Final Class Reflection

I’ve been an avid gamer ever since a very young age, and I will stay one in the future too. As I was playing all sorts of games, the urge of making my own game became bigger and bigger inside me. This is why I chose to take this course this quarter, and I am very satisfied with what I learned throughout the course.

The most important thing was the experience of going through two entire game-making processes. From ideation, to early prototype, to initial playtesting, to refining, and then to the final product. I learnt how important prototypes and knowing your intended audience are, as before I never had the concept of prototypes, and thought when making games, the developer just directly dives into implementation. Also, I learnt the importance of playtesting, and I realized players really have different perspectives from the developers.

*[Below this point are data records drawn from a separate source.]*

Lemma eval_step o M C D k : eval o (step_prog M C D) [:: k] (if M <= k then C else D).
Proof.
apply: (ev_comp (ys := [:: M - k])).
  by apply: evs_cons; [exact: eval_monus | exact: evs_nil].
by rewrite -subn_eq0; case: (M - k) (eval_ifz o C D (M - k)).
Qed.

Lemma recursive_const C : recursive (fun _ => C).
Proof. by exists (const_prog C) => x; exact: eval_const. Qed.

Lemma recursive_step M C D : recursive (fun k => if M <= k then C else D).
Proof. by exists (step_prog M C D) => k; exact: eval_step. Qed.

Definition zero_rep (m n : nat) : nat -> nat -> nat -> nat :=
  fun T c _ => if (T < 2 * (m * n)) && (c == 1) then 1 else 0.

(* On slot 0, the real part of entry (0,0), the name switches at precision [M]
   from 0/1, as in [zero_rep], to the exact value 1/2^M. *)
Definition delta_rep (m n M : nat) : nat -> nat -> nat -> nat :=
  fun T c k => if (T == 0) && (M <= k) then nth 0 [:: 1; 2 ^ M] c else zero_rep m n T c k.

Lemma agree_below_delta_rep m n M : agree_below M (zero_rep m n) (delta_rep m n M).
Proof. by move=> T c k _ _ lt_kM; rewrite /delta_rep leqNgt lt_kM andbF. Qed.

Lemma re_im_idx_lt m n (i : 'I_m) (j : 'I_n) :
  re_idx n i j < 2 * (m * n) /\ im_idx n i j < 2 * (m * n).
Proof. by have := ltn_ord i; have := ltn_ord j; rewrite /re_idx /im_idx; split; nia. Qed.

Local Open Scope ring_scope.
Local Open Scope complex_scope.
Local Notation normc := Normc.normc.

Section Representations.
Variable R : realType.

Lemma real_rep_ext (x : R) a b s a' b' s' :
  a =1 a' -> b =1 b' -> s =1 s' -> real_rep x a b s -> real_rep x a' b' s'.
Proof.
move=> ea eb es [[pa ha] [pb hb] [ps hs] hb0 happ]; split.
- by exists pa => k; rewrite -ea.
- by exists pb => k; rewrite -eb.
- by exists ps => k; rewrite -es.
- by move=> k; rewrite -eb.
- by move=> k; rewrite -ea -eb -es.
Qed.

Lemma real_rep0 : real_rep (0 : R) (fun _ => 0%N) (fun _ => 1%N) (fun _ => 0%N).
Proof.
split; try exact: recursive_const; first by [].
by move=> k; rewrite /rat_val mulr0 mul0r subr0 normr0 invr_ge0 exprn_ge0.
Qed.

Lemma real_rep_pow2 (M : nat) :
  real_rep ((2%:R ^+ M)^-1 : R) (fun k => if (M <= k)%N then 1%N else 0%N)
    (fun k => if (M <= k)%N then (2 ^ M)%N else 1%N) (fun _ => 0%N).
Proof.
split; [exact: recursive_step | exact: recursive_step | exact: recursive_const | |].
  by move=> k; case: leqP => // _; apply/eqP; rewrite expn_eq0.
move=> k; rewrite /rat_val expr0 mul1r; case: leqP => [le_Mk|lt_kM].
  by rewrite mul1r natrX subrr normr0 invr_ge0 exprn_ge0.
rewrite mul0r sub0r normrN ger0_norm ?invr_ge0 ?exprn_ge0 //.
by rewrite lef_pV2 ?posrE ?exprn_gt0 // ler_eXn2l ?ltr1n // ltnW.
Qed.

Lemma real_rep_first_approx (x : R) a b s : real_rep x a b s ->
  `|x| <= `|rat_val (a 0%N) (b 0%N) (s 0%N) : R| + 1.
Proof.
case=> _ _ _ _ /(_ 0%N); rewrite expr0 invr1; set r := rat_val _ _ _ => h.
have := ler_normD (x - r) r; rewrite subrK distrC; lra.
Qed.

Lemma real_rep_zero_rep m n T : (T < 2 * (m * n))%N ->
  real_rep (0 : R) (zero_rep m n T 0) (zero_rep m n T 1) (zero_rep m n T 2).
Proof. by move=> lt_T; apply: real_rep_ext real_rep0 => k; rewrite /zero_rep lt_T. Qed.

Lemma zero_rep_out m n T c k : (2 * (m * n) <= T)%N \/ (3 <= c)%N -> zero_rep m n T c k = 0%N.
Proof.
rewrite /zero_rep => -[le_T | le_c]; first by rewrite ltnNge le_T.
by case: ifP => // /andP[_ /eqP c1]; rewrite c1 in le_c.
Qed.

Lemma mx_rep_zero m n : mx_rep (0 : 'M[R[i]]_(m, n)) (zero_rep m n).
Proof.
split=> [i j | i j | T c k]; last exact: zero_rep_out.
- by rewrite mxE; exact: real_rep_zero_rep (re_im_idx_lt i j).1.
- by rewrite mxE; exact: real_rep_zero_rep (re_im_idx_lt i j).2.
Qed.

Furthermore, through using Unity for the second project, I became aware of what skillsets are required for making different parts of the game. As a computer science student, I take pride in my coding ability, but using Unity was less about one’s coding ability but more about patience and ability to supervise the whole project, and the experience of learning and using Unity got me more familiar with the software, and gave me a good idea of how some Unity-based games might work.

Last but not least, I went out of my comfort zone and attempted some games that I would have never played, for the critical play assignments, such as Firewatch and Monument Vally. These games definitely left me irreplaceable impressions, and I will never forget what I felt when playing them.

Anyway, great thanks to our instructor Christina and CAs Kally and Vincent for delivering such an amazing class this quarter. I learnt a lot, and what I learnt will definitely stick with me and help me with my future endeavours in making my own games.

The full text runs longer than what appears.